*DIRECTIONS FOR THIS TASK:* All lines before the one containing "have [r0|r0] := ltP", plus that line itself, are to be printed exactly as they appear below.

***** DATA EXCERPTS *****

Lemma measurable_preimage_borelV d' (T : measurableType d') (D : set T)
    (h : T -> 'rV[R]_n) :
  measurable D -> (forall j, measurable_fun D (fun x => h x ord0 j)) ->
  forall B, borelV B -> measurable (D `&` h @^-1` B).
Proof.
move=> mD mh; suff : @borelV R n `<=` image_set_system D h measurable by exact.
apply: smallest_sub.
  apply: sigma_algebra_image; split=> [|A|A].
  - exact: measurable0.
  - exact: measurableD.
  - exact: bigcupT_measurable.
move=> U oU; rewrite /image_set_system /= (open_rV_bigcup_rat_balls oU).
rewrite bigcup_mkcond preimage_bigcup setI_bigcupr.
apply: countable_bigcupT_measurable; first exact: countableP.
move=> q; case: ifPn => _; last by rewrite preimage_set0 setI0.
have [r0|r0] := ltP 0 (ratr q.2 : R); last first.
  suff -> : rat_ball q = set0 by rewrite preimage_set0 setI0.
  by apply/seteqP; split => // y [] /=; rewrite ltNge r0.
rewrite (_ : _ `&` _ = D `&` \bigcap_(j in setT)
    (D `&` (fun x => h x ord0 j) @^-1` ball (ratr (q.1 ord0 j) : R) (ratr q.2))).
  apply: measurableI => //; apply: fin_bigcap_measurable; first exact: finite_finset.
  move=> j _; apply: mh => //; apply: measurable_realfun.open_measurable.
  exact: ball_open.
apply/seteqP; split=> [y [Dy [_ hy]]|y [Dy hy]].
  by split => // j _; split => //; have := hy ord0 j; rewrite mxE.
by split => //; split => // i j; rewrite (ord1 i) mxE; have [] := hy j.
Qed.

End borel_rV.

Lemma trace_preimage_borelV {R : realType} {T : pointedType} (D : set T)
    (S : set (set T)) n (h : T -> 'rV[R]_n) : sigma_algebra D S ->
  (forall j, measurable_fun (D : set (trace_type D S)) (fun x => h x ord0 j)) ->
  forall B, borelV B -> S (D `&` h @^-1` B).
Proof.
move=> sS mh B BB; have := measurable_preimage_borelV (measurable_trace_dom sS) mh BB.
by rewrite (measurable_traceE sS) setIA setIid.
Qed.

Section grid.
Context {R : realType}.
Implicit Types (n k : nat) (s : R).

Definition grid_above n s : R :=
  (Num.floor (s * n.+1%:R) + 1)%:~R / n.+1%:R.

Lemma grid_above_gt n s : s < grid_above n s.
Proof.
have /andP[_ +] := Num.Theory.floor_itv (s * n.+1%:R).
by rewrite /grid_above ltr_pdivlMr.
Qed.

Lemma grid_above_le n s : grid_above n s <= s + n.+1%:R^-1.
Proof.
have /andP[+ _] := Num.Theory.floor_itv (s * n.+1%:R).
rewrite /grid_above ler_pdivrMr // mulrDl mulVf ?pnatr_eq0 //.
by rewrite intrD lerD2r.
Qed.

Lemma grid_above_cell n k s :
  s \in `[k%:R / n.+1%:R, k.+1%:R / n.+1%:R[ -> grid_above n s = k.+1%:R / n.+1%:R.
Proof.
rewrite in_itv /= => /andP[ks sk]; rewrite /grid_above (@Num.Theory.floor_def _ _ k).
  by rewrite intrD pmulrn -natr1.
by rewrite intrD pmulrn -ler_pdivrMr // -ltr_pdivlMr // ks natr1.
Qed.

Lemma grid_cell_exists n s : 0 <= s ->
  exists k, s \in `[k%:R / n.+1%:R, k.+1%:R / n.+1%:R[.
Proof.
move=> s0; have /andP[sk ks] := Num.Theory.floor_itv (s * n.+1%:R).
have : 0 <= Num.floor (s * n.+1%:R) by rewrite Num.Theory.floor_ge0 mulr_ge0.
case: (Num.floor _) sk ks => [k|//] sk ks _; exists k.
by rewrite intrD in ks; rewrite in_itv /= ler_pdivrMr // ltr_pdivlMr // sk -(natr1 k).
Qed.

Lemma cvg_grid_above (V : topologicalType) (f : R -> V) s (l : V) :
  f x @[x --> s^'+] --> l -> f (grid_above n s) @[n --> \oo] --> l.
Proof.
apply: cvg_comp => A /= sA.
have grid_cvg : grid_above n s @[n --> \oo] --> s.
  apply/cvgrPdist_le => e e0; near=> n.
  have ne : n.+1%:R^-1 <= e.
    by apply: ltW; near: n; exact: near_infty_natSinv_lt (PosNum e0).
  have gt := grid_above_gt n s; have le := grid_above_le n s.
  rewrite ler_norml lerNl opprB lerBlDl (le_trans le) ?lerD2l //=.
  by rewrite (le_trans _ (ltW e0)) // subr_le0 ltW.
have : \forall n \near \oo, s < grid_above n s -> A (grid_above n s).
  exact: grid_cvg _ sA.
by apply: filterS => n; apply; exact: grid_above_gt.
Unshelve. all: by end_near. Qed.

End grid.

Lemma measurable_fun_right_continuous_eval {R : realType} d (T : measurableType d)
    (D : set T) (Z : R -> T -> R) (tau : T -> R) :
  measurable D -> measurable_fun D tau -> (forall x, D x -> 0 <= tau x) ->
  (forall u, 0 <= u -> measurable_fun D (Z u)) ->
  (forall x, D x -> Z u x @[u --> (tau x)^'+] --> Z (tau x) x) ->
  measurable_fun D (fun x => Z (tau x) x).
Proof.
move=> mD mtau tau0 mZ Zrc.
apply: (@measurable_realfun.measurable_fun_cvg _ _ _ D
  (fun n x => Z (grid_above n (tau x)) x)); last first.
  by move=> x Dx; exact: cvg_grid_above (Zrc x Dx).
move=> n _ B mB.
have -> : D `&` (fun x => Z (grid_above n (tau x)) x) @^-1` B =
    \bigcup_k ((D `&` tau @^-1` `[k%:R / n.+1%:R, k.+1%:R / n.+1%:R[) `&`
               (D `&` Z (k.+1%:R / n.+1%:R) @^-1` B)).
  apply/seteqP; split=> [x [Dx ZB]|x [k _ [[Dx /= tauk] [_ ZB]]]].
    have [k tauk] := grid_cell_exists n (tau0 x Dx).
    by exists k => //; split; split => //=; rewrite -(grid_above_cell tauk).
  by split => //=; rewrite (grid_above_cell tauk).
apply: bigcupT_measurable => k; apply: measurableI.
  by apply: mtau => //; exact: measurable_itv.
by apply: mZ => //; rewrite divr_ge0.
Qed.

Section cadlag.
Context {R : realType}.

Lemma cvg_at_right_shift (V : topologicalType) (f : R -> V) (a u : R) (l : V) :
  f x @[x --> (a + u)^'+] --> l -> f (a + x) @[x --> u^'+] --> l.
Proof.
apply: cvg_comp => A /= /nbhs_ballP [e e0 eA].
apply/nbhs_ballP; exists e => // x ux xu; apply: eA; last by rewrite ltrD2l.
by move: ux; rewrite -!ball_normE /= opprD addrACA subrr add0r.
Qed.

*****

*EXERCISE ANSWER:*
Lemma measurable_preimage_borelV d' (T : measurableType d') (D : set T)
    (h : T -> 'rV[R]_n) :
  measurable D -> (forall j, measurable_fun D (fun x => h x ord0 j)) ->
  forall B, borelV B -> measurable (D `&` h @^-1` B).
Proof.
move=> mD mh; suff : @borelV R n `<=` image_set_system D h measurable by exact.
apply: smallest_sub.
  apply: sigma_algebra_image; split=> [|A|A].
  - exact: measurable0.
  - exact: measurableD.
  - exact: bigcupT_measurable.
move=> U oU; rewrite /image_set_system /= (open_rV_bigcup_rat_balls oU).
rewrite bigcup_mkcond preimage_bigcup setI_bigcupr.
apply: countable_bigcupT_measurable; first exact: countableP.
move=> q; case: ifPn => _; last by rewrite preimage_set0 setI0.
have [r0|r0] := ltP 0 (ratr q.2 : R); last first.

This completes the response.